Exercise – The whole listing should be retyped exactly as it appears.

Dataset records –
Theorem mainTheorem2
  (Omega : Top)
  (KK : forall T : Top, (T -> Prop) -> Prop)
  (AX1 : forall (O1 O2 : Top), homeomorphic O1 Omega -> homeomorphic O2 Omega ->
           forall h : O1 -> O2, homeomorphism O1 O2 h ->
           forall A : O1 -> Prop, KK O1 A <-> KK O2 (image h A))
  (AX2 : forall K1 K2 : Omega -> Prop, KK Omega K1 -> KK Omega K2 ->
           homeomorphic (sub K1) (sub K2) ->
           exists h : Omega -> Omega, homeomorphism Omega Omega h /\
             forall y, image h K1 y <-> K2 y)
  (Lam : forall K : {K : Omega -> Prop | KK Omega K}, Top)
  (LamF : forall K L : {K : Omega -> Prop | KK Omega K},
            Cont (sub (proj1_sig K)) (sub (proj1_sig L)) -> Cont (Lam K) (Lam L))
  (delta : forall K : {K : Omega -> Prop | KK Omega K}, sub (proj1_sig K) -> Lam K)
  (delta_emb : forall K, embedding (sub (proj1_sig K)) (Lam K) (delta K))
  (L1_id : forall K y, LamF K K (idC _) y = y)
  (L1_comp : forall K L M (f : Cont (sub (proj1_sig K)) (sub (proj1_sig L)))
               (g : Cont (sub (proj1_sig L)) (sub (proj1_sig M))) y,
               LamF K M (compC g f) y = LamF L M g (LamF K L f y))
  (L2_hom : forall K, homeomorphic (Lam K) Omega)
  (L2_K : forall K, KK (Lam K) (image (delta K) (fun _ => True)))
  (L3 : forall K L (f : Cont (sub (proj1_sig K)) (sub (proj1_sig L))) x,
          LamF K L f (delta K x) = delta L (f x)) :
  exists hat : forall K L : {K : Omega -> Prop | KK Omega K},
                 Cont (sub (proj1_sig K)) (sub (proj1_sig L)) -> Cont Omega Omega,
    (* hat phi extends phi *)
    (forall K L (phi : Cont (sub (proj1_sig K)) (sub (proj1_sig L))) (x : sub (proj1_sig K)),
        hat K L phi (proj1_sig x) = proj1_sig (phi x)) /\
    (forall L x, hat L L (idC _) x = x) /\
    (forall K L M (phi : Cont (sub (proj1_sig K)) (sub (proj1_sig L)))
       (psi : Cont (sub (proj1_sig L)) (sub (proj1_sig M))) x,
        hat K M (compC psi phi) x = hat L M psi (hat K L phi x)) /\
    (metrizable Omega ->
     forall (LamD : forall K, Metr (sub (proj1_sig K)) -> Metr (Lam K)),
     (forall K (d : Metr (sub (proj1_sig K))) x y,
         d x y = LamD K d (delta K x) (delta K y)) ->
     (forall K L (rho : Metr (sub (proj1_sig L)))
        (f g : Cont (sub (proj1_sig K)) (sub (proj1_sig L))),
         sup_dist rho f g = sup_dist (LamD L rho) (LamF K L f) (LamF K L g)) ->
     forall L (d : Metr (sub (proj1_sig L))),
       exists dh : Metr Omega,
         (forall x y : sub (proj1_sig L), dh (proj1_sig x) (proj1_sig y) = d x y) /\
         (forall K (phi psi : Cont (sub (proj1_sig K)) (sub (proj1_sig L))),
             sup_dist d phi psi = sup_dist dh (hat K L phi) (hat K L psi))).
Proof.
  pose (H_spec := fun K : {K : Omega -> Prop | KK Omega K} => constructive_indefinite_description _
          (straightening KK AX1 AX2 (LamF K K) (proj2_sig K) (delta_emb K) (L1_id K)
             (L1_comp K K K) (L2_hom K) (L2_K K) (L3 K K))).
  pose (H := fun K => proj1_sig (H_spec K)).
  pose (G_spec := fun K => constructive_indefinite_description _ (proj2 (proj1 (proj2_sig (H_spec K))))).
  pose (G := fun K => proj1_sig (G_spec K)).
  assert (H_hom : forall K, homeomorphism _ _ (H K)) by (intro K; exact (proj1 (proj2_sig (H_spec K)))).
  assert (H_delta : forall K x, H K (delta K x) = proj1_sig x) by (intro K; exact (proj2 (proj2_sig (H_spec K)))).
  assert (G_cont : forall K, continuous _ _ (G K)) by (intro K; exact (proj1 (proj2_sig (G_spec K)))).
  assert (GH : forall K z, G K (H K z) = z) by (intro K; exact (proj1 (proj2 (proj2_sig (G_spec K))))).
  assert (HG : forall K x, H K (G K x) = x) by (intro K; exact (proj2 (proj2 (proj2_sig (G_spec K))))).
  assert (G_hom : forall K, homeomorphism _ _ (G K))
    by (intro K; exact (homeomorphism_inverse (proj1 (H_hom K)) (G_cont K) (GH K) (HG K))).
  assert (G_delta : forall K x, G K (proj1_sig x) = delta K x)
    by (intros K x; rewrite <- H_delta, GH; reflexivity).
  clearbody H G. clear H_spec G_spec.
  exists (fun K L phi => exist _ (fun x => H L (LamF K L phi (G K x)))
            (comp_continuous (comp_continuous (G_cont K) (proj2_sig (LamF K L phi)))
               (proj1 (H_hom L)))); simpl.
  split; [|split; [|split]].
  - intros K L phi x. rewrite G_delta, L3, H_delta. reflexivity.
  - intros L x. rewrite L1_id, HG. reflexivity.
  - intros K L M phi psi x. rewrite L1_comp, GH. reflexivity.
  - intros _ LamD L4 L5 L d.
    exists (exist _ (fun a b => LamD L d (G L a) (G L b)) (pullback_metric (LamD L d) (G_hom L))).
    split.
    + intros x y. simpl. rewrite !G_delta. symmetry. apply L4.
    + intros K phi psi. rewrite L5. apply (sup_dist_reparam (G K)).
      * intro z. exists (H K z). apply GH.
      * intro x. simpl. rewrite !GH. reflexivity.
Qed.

Response box –
Theorem mainTheorem2
  (Omega : Top)
  (KK : forall T : Top, (T -> Prop) -> Prop)
  (AX1 : forall (O1 O2 : Top), homeomorphic O1 Omega -> homeomorphic O2 Omega ->
           forall h : O1 -> O2, homeomorphism O1 O2 h ->
           forall A : O1 -> Prop, KK O1 A <-> KK O2 (image h A))
  (AX2 : forall K1 K2 : Omega -> Prop, KK Omega K1 -> KK Omega K2 ->
           homeomorphic (sub K1) (sub K2) ->
           exists h : Omega -> Omega, homeomorphism Omega Omega h /\
             forall y, image h K1 y <-> K2 y)
  (Lam : forall K : {K : Omega -> Prop | KK Omega K}, Top)
  (LamF : forall K L : {K : Omega -> Prop | KK Omega K},
            Cont (sub (proj1_sig K)) (sub (proj1_sig L)) -> Cont (Lam K) (Lam L))
  (delta : forall K : {K : Omega -> Prop | KK Omega K}, sub (proj1_sig K) -> Lam K)
  (delta_emb : forall K, embedding (sub (proj1_sig K)) (Lam K) (delta K))
  (L1_id : forall K y, LamF K K (idC _) y = y)
  (L1_comp : forall K L M (f : Cont (sub (proj1_sig K)) (sub (proj1_sig L)))
               (g : Cont (sub (proj1_sig L)) (sub (proj1_sig M))) y,
               LamF K M (compC g f) y = LamF L M g (LamF K L f y))
  (L2_hom : forall K, homeomorphic (Lam K) Omega)
  (L2_K : forall K, KK (Lam K) (image (delta K) (fun _ => True)))
  (L3 : forall K L (f : Cont (sub (proj1_sig K)) (sub (proj1_sig L))) x,
          LamF K L f (delta K x) = delta L (f x)) :
  exists hat : forall K L : {K : Omega -> Prop | KK Omega K},
                 Cont (sub (proj1_sig K)) (sub (proj1_sig L)) -> Cont Omega Omega,
    (* hat phi extends phi *)
    (forall K L (phi : Cont (sub (proj1_sig K)) (sub (proj1_sig L))) (x : sub (proj1_sig K)),
        hat K L phi (proj1_sig x) = proj1_sig (phi x)) /\
    (forall L x, hat L L (idC _) x = x) /\
    (forall K L M (phi : Cont (sub (proj1_sig K)) (sub (proj1_sig L)))
       (psi : Cont (sub (proj1_sig L)) (sub (proj1_sig M))) x,
        hat K M (compC psi phi) x = hat L M psi (hat K L phi x)) /\
    (metrizable Omega ->
     forall (LamD : forall K, Metr (sub (proj1_sig K)) -> Metr (Lam K)),
     (forall K (d : Metr (sub (proj1_sig K))) x y,
         d x y = LamD K d (delta K x) (delta K y)) ->
     (forall K L (rho : Metr (sub (proj1_sig L)))
        (f g : Cont (sub (proj1_sig K)) (sub (proj1_sig L))),
         sup_dist rho f g = sup_dist (LamD L rho) (LamF K L f) (LamF K L g)) ->
     forall L (d : Metr (sub (proj1_sig L))),
       exists dh : Metr Omega,
         (forall x y : sub (proj1_sig L), dh (proj1_sig x) (proj1_sig y) = d x y) /\
         (forall K (phi psi : Cont (sub (proj1_sig K)) (sub (proj1_sig L))),
             sup_dist d phi psi = sup_dist dh (hat K L phi) (hat K L psi))).
Proof.
  pose (H_spec := fun K : {K : Omega -> Prop | KK Omega K} => constructive_indefinite_description _
          (straightening KK AX1 AX2 (LamF K K) (proj2_sig K) (delta_emb K) (L1_id K)
             (L1_comp K K K) (L2_hom K) (L2_K K) (L3 K K))).
  pose (H := fun K => proj1_sig (H_spec K)).
  pose (G_spec := fun K => constructive_indefinite_description _ (proj2 (proj1 (proj2_sig (H_spec K))))).
  pose (G := fun K => proj1_sig (G_spec K)).
  assert (H_hom : forall K, homeomorphism _ _ (H K)) by (intro K; exact (proj1 (proj2_sig (H_spec K)))).
  assert (H_delta : forall K x, H K (delta K x) = proj1_sig x) by (intro K; exact (proj2 (proj2_sig (H_spec K)))).
  assert (G_cont : forall K, continuous _ _ (G K)) by (intro K; exact (proj1 (proj2_sig (G_spec K)))).
  assert (GH : forall K z, G K (H K z) = z) by (intro K; exact (proj1 (proj2 (proj2_sig (G_spec K))))).
  assert (HG : forall K x, H K (G K x) = x) by (intro K; exact (proj2 (proj2 (proj2_sig (G_spec K))))).
  assert (G_hom : forall K, homeomorphism _ _ (G K))
    by (intro K; exact (homeomorphism_inverse (proj1 (H_hom K)) (G_cont K) (GH K) (HG K))).
  assert (G_delta : forall K x, G K (proj1_sig x) = delta K x)
    by (intros K x; rewrite <- H_delta, GH; reflexivity).
  clearbody H G. clear H_spec G_spec.
  exists (fun K L phi => exist _ (fun x => H L (LamF K L phi (G K x)))
            (comp_continuous (comp_continuous (G_cont K) (proj2_sig (LamF K L phi)))
               (proj1 (H_hom L)))); simpl.
  split; [|split; [|split]].
  - intros K L phi x. rewrite G_delta, L3, H_delta. reflexivity.
  - intros L x. rewrite L1_id, HG. reflexivity.
  - intros K L M phi psi x. rewrite L1_comp, GH. reflexivity.
  - intros _ LamD L4 L5 L d.
    exists (exist _ (fun a b => LamD L d (G L a) (G L b)) (pullback_metric (LamD L d) (G_hom L))).
    split.
    + intros x y. simpl. rewrite !G_delta. symmetry. apply L4.
    + intros K phi psi. rewrite L5. apply (sup_dist_reparam (G K)).
      * intro z. exists (H K z). apply GH.
      * intro x. simpl. rewrite !GH. reflexivity.
Qed.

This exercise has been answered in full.